To be sure, commensurately larger-degree weakness below 07-May’s 2.514larger-degree corrective low is required to CONFIRM the overall recovery from 25-Apr’s 2.477 low as a 3-wave and thus corrective structure that would then re-expose Mar-Apr’s major downtrend. In this regard that 2.514 low is considered our longer-term risk parameter from which long-term players can rebase and manage the risk of a still-arguable bullish policy. But given that the rally from 07-May’s 2.514 low spanned an almost identical length (i.e. 1.000 progression) to late-Apr’s initial (prospective a-Wave) pop from 2.477 to 2.626, traders must acknowledge the developing bearish prospect that this recent 2.477 – 2.670 recovery is a 3-wave correction that warns of a resumption of Mar-Apr’s meltdown that preceded. In effect, we believe the market has identified 2.670 and 2.514 as the key directional triggers heading forward.
The directional stakes could be high depending on which side of the 2.670-to-2.514-range the market flops over first. While that 2.514 low and support holds, so too does the lower recesses of a 3-year range that could produce another sharp, intra-range rebound like the second-half of 2018 and Feb-Jun’16 shown in the weekly log chart of the Jun contract above. Conversely, if the market fails below 2.514 and resurrects the broader downtrend, we could not ignore the prospect of a run to the lower-quarter of the multi-year lateral range around 2.25 or below on a monthly log active-continuation basis below.

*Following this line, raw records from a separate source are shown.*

(* Let $0<q<1$, $s\ge1$, $\alpha\in\mathbb{R}\setminus\mathbb{Z}_-$. For $j=1,\dots,s-1$ let $a_j>0$, $c_j>0$ be real and $b_j,d_j\in\mathbb{C}$ with $a_jn+\mathrm{Re}(b_j)\notin\mathbb{Z}_-$ and $c_jn+\mathrm{Re}(d_j)\notin\mathbb{Z}_-$ for all positive integers $n$ (for $s=1$ there are no such parameters). Then, uniformly on compact subsets of $\mathbb{C}$, $$\lim_{n\to+\infty}{}_s\phi_s\!\left(\begin{array}{c}q^{-n},q^{a_1n+b_1},\dots,q^{a_{s-1}n+b_{s-1}}\\ q^{\alpha},q^{c_1n+d_1},\dots,q^{c_{s-1}n+d_{s-1}}\end{array};q,q^nz\right)={}_0\phi_1\!\left(\begin{array}{c}-\\ q^{\alpha}\end{array};q,z\right)=\left(\frac{-z}{(q-1)^2q^{\alpha}}\right)^{\frac{1-\alpha}{2}}\Gamma_q(\alpha)\,J^{(2)}_{\alpha-1}\!\left(2\sqrt{\frac{-z}{q^{\alpha}}};q\right),$$ where in the last expression powers and square roots are taken with principal branches and the expression is understood as the entire function given by the ${}_0\phi_1$.
   Context: $\mathbb{Z}_-=\{0,-1,-2,\dots\}$. For $w\in\mathbb{C}$, $q^{w}:=e^{w\ln q}$. For $a\in\mathbb{C}$: $(a;q)_0=1$, $(a;q)_k=\prod_{j=0}^{k-1}(1-aq^{j})$, $(a;q)_\infty=\prod_{j\ge0}(1-aq^{j})$, and $(a_1,\dots,a_r;q)_k=\prod_{i=1}^r(a_i;q)_k$. The basic hypergeometric series is $${}_r\phi_s\!\left(\begin{array}{c}a_1,\dots,a_r\\ b_1,\dots,b_s\end{array};q,z\right)=\sum_{k=0}^{\infty}\frac{(a_1,\dots,a_r;q)_k}{(b_1,\dots,b_s;q)_k}(-1)^{(1+s-r)k}q^{(1+s-r)\binom{k}{2}}\frac{z^k}{(q;q)_k};$$ ''$-$'' denotes an empty parameter list. The $q$-Gamma function is $\Gamma_q(z)=\dfrac{(q;q)_\infty}{(q^{z};q)_\infty}(1-q)^{1-z}$. The $q$-Bessel function is $J^{(2)}_{\nu}(x;q)=\dfrac{(q^{\nu+1};q)_\infty}{(q;q)_\infty}\left(\dfrac{x}{2}\right)^{\nu}{}_0\phi_1\!\left(\begin{array}{c}-\\ q^{\nu+1}\end{array};q,-\dfrac{q^{\nu+1}x^2}{4}\right)$. *)

From Stdlib Require Import Reals List.
From Coquelicot Require Import Coquelicot.
Open Scope R_scope.

Definition Cexp (w : C) : C := (exp (fst w) * cos (snd w), exp (fst w) * sin (snd w)).

Definition qpow (q : R) (w : C) : C := Cexp (Cmult (RtoC (ln q)) w).

(** Principal argument in (-pi, pi]. *)
Definition Carg (w : C) : R :=
  let x := fst w in let y := snd w in
  if Rlt_dec 0 x then atan (y / x)
  else if Rlt_dec x 0 then
    (if Rle_dec 0 y then atan (y / x) + PI else atan (y / x) - PI)
  else (if Rlt_dec 0 y then PI / 2 else if Rlt_dec y 0 then - (PI / 2) else 0).

Definition Clog (w : C) : C := (ln (Cmod w), Carg w).
Definition cpow (w c : C) : C := Cexp (Cmult c (Clog w)).
Definition csqrt (w : C) : C := cpow w (RtoC (1 / 2)).

Fixpoint qpoch (a : C) (q : R) (k : nat) : C :=
  match k with
  | O => RtoC 1
  | S k' => Cmult (qpoch a q k') (Cminus (RtoC 1) (Cmult a (RtoC (q ^ k'))))
  end.

Definition qpoch_list (l : list C) (q : R) (k : nat) : C :=
  fold_right (fun a acc => Cmult (qpoch a q k) acc) (RtoC 1) l.

Definition Clim (u : nat -> C) : C := @lim C_CompleteNormedModule (filtermap u eventually).

Definition qpoch_inf (a : C) (q : R) : C := Clim (qpoch a q).

Fixpoint Cpsum (u : nat -> C) (N : nat) : C :=
  match N with
  | O => u O
  | S N' => Cplus (Cpsum u N') (u N)
  end.
Definition Cseries (u : nat -> C) : C := Clim (Cpsum u).

Definition phi_term (al bl : list C) (q : R) (z : C) (k : nat) : C :=
  let r := length al in let s := length bl in
  Cmult (Cdiv (qpoch_list al q k) (qpoch_list bl q k))
    (Cmult (RtoC (powerRZ ((-1) ^ k * q ^ (Nat.div (k * (k - 1)) 2))
                         (1 + Z.of_nat s - Z.of_nat r)%Z))
       (Cdiv (Cpow z k) (qpoch (RtoC q) q k))).

Definition phi (al bl : list C) (q : R) (z : C) : C :=
  Cseries (phi_term al bl q z).

Definition qGamma (q : R) (w : C) : C :=
  Cmult (Cdiv (qpoch_inf (RtoC q) q) (qpoch_inf (qpow q w) q))
        (qpow (1 - q) (Cminus (RtoC 1) w)).

Definition J2 (nu x : C) (q : R) : C :=
  let qn1 := qpow q (Cplus nu (RtoC 1)) in
  Cmult (Cdiv (qpoch_inf qn1 q) (qpoch_inf (RtoC q) q))
   (Cmult (cpow (Cdiv x (RtoC 2)) nu)
     (phi nil (qn1 :: nil) q
        (Cdiv (Copp (Cmult qn1 (Cmult x x))) (RtoC 4)))).

Definition compactC (K : C -> Prop) : Prop :=
  forall (I : Type) (U : I -> C -> Prop),
    (forall i, @open C_UniformSpace (U i)) ->
    (forall z, K z -> exists i, U i z) ->
    exists l : list I, forall z, K z -> exists i, In i l /\ U i z.

Definition cvg_unif_compact (f : nat -> C -> C) (g : C -> C) : Prop :=
  forall K, compactC K ->
    forall eps : R, 0 < eps ->
      exists N : nat, forall n : nat, (N <= n)%nat ->
        forall z, K z -> Cmod (Cminus (f n z) (g z)) < eps.

From Stdlib Require Import Reals List Lra Lia ZArith.
From Coquelicot Require Import Coquelicot.
Open Scope R_scope.

(* After the substitution [z := q^n z], the k-th term of the s_phi_s series is [z^k] times
   a coefficient in which [(q^-n; q)_k q^(nk) = prod_(j<k) (q^n - q^j)] tends to
   [(-1)^k q^(k(k-1)/2)] and the q-Pochhammer symbols with parameters [q^(a_j n + b_j)],
   [q^(c_j n + d_j)] tend to 1, as these parameters tend to 0; so each coefficient tends to
   the corresponding coefficient of [0_phi_1(-; q^alpha; q, z)].  For [n] large and [|z| <= R]
   all terms, and those of the limit series, are bounded by [q^(k(k-1)/2) G^k], a summable
   majorant, and Tannery's theorem gives uniform convergence on discs, hence on compact sets.
   The closed form is an identity of series: the infinite products in [Gamma_q] and
   [J^(2)_(alpha-1)] cancel, the argument of the [0_phi_1] inside [J^(2)] is again [z], and the
   principal powers cancel because [Log (sqrt w) = Log w / 2]. *)

Lemma Cexp_RtoC r : Cexp (RtoC r) = RtoC (exp r).
Proof. unfold Cexp, RtoC; simpl. rewrite cos_0, sin_0. f_equal; ring. Qed.

Lemma Cmod_Cexp w : Cmod (Cexp w) = exp (fst w).
Proof.
  unfold Cmod, Cexp; cbn [fst snd].
  pose proof (sin2_cos2 (snd w)) as H. unfold Rsqr in H.
  replace ((exp (fst w) * cos (snd w)) ^ 2 + (exp (fst w) * sin (snd w)) ^ 2)
    with (exp (fst w) ^ 2) by (rewrite <- Rmult_1_r at 1; rewrite <- H; ring).
  apply sqrt_pow2. left; apply exp_pos.
Qed.

Lemma Cexp_plus u v : Cexp (u + v)%C = (Cexp u * Cexp v)%C.
Proof.
  destruct u as [a b], v as [c d]; unfold Cexp, Cmult, Cplus; simpl.
  rewrite exp_plus, cos_plus, sin_plus. f_equal; ring.
Qed.

Lemma qpow_RtoC q r : qpow q (RtoC r) = RtoC (exp (ln q * r)).
Proof.
  unfold qpow. rewrite <- Cexp_RtoC. f_equal. unfold RtoC, Cmult; simpl; f_equal; ring.
Qed.

Lemma Cmod_qpow q w : Cmod (qpow q w) = exp (ln q * fst w).
Proof. unfold qpow. rewrite Cmod_Cexp. simpl. f_equal. ring. Qed.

These issues considered, shorter-term traders are advised to move to a neutral-to-cautious-bearish stance from current 2.60-area levels OB with a recovery above 2.670 require to negate this call, reinstate the recovery and expose potentially sharp gains thereafter. Long-term players are advised to pare bullish exposure to more conservative levels and jettison the position altogether on a failure below 2.514 ahead of what could be significant resumption of Mar-Apr’s downtrend that could then expose sharp losses. In effect, traders are advised to toggle directional biases and exposure around the 2.670 – 2.514-range.